What to do ▸
Among the lines below, how many have the string "move" in them? Only the number is wanted.

Given data ▸
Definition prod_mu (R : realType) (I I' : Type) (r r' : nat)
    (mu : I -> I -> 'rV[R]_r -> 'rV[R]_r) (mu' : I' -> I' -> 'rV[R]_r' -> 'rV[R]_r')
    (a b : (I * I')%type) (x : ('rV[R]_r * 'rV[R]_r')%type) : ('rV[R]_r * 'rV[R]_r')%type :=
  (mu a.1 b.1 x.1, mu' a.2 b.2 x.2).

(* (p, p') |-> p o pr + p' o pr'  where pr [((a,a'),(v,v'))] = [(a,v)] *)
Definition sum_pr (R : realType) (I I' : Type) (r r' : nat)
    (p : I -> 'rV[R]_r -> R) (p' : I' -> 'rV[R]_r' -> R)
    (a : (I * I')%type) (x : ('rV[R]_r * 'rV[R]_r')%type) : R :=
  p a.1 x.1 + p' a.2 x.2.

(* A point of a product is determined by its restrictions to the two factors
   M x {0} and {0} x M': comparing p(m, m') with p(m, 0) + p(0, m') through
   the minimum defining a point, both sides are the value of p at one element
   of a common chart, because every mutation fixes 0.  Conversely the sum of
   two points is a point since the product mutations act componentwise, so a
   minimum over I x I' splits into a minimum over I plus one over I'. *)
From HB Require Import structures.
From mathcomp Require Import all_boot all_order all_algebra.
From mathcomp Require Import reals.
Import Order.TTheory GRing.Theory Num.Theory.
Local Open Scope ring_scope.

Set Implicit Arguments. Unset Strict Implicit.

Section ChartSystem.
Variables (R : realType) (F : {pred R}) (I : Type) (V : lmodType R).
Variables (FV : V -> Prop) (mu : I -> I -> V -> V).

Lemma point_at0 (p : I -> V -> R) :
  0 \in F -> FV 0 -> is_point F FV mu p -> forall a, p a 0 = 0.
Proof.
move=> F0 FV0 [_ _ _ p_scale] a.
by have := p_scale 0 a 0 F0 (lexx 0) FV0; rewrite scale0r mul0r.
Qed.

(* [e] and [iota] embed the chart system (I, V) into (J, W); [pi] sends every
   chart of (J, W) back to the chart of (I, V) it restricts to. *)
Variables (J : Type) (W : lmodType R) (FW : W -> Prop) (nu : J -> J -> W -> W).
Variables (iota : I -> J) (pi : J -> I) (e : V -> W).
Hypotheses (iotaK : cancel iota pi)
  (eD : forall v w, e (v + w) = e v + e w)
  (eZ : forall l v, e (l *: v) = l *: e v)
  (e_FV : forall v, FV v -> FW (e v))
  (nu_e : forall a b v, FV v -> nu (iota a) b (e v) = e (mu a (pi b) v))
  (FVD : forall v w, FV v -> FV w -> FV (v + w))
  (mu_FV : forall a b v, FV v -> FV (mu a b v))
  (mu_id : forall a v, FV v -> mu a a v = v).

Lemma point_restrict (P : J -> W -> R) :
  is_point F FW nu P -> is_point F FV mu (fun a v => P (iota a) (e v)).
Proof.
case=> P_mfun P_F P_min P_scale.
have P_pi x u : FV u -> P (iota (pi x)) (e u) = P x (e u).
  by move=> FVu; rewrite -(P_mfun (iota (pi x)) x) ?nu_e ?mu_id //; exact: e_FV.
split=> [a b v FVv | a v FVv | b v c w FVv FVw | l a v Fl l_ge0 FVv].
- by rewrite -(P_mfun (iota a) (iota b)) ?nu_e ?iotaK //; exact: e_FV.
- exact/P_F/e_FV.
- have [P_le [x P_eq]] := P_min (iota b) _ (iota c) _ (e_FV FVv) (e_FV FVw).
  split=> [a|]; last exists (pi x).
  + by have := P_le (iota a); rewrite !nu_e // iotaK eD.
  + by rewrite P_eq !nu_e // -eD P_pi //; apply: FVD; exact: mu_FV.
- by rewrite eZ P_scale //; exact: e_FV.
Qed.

Response to the exercise ▸
2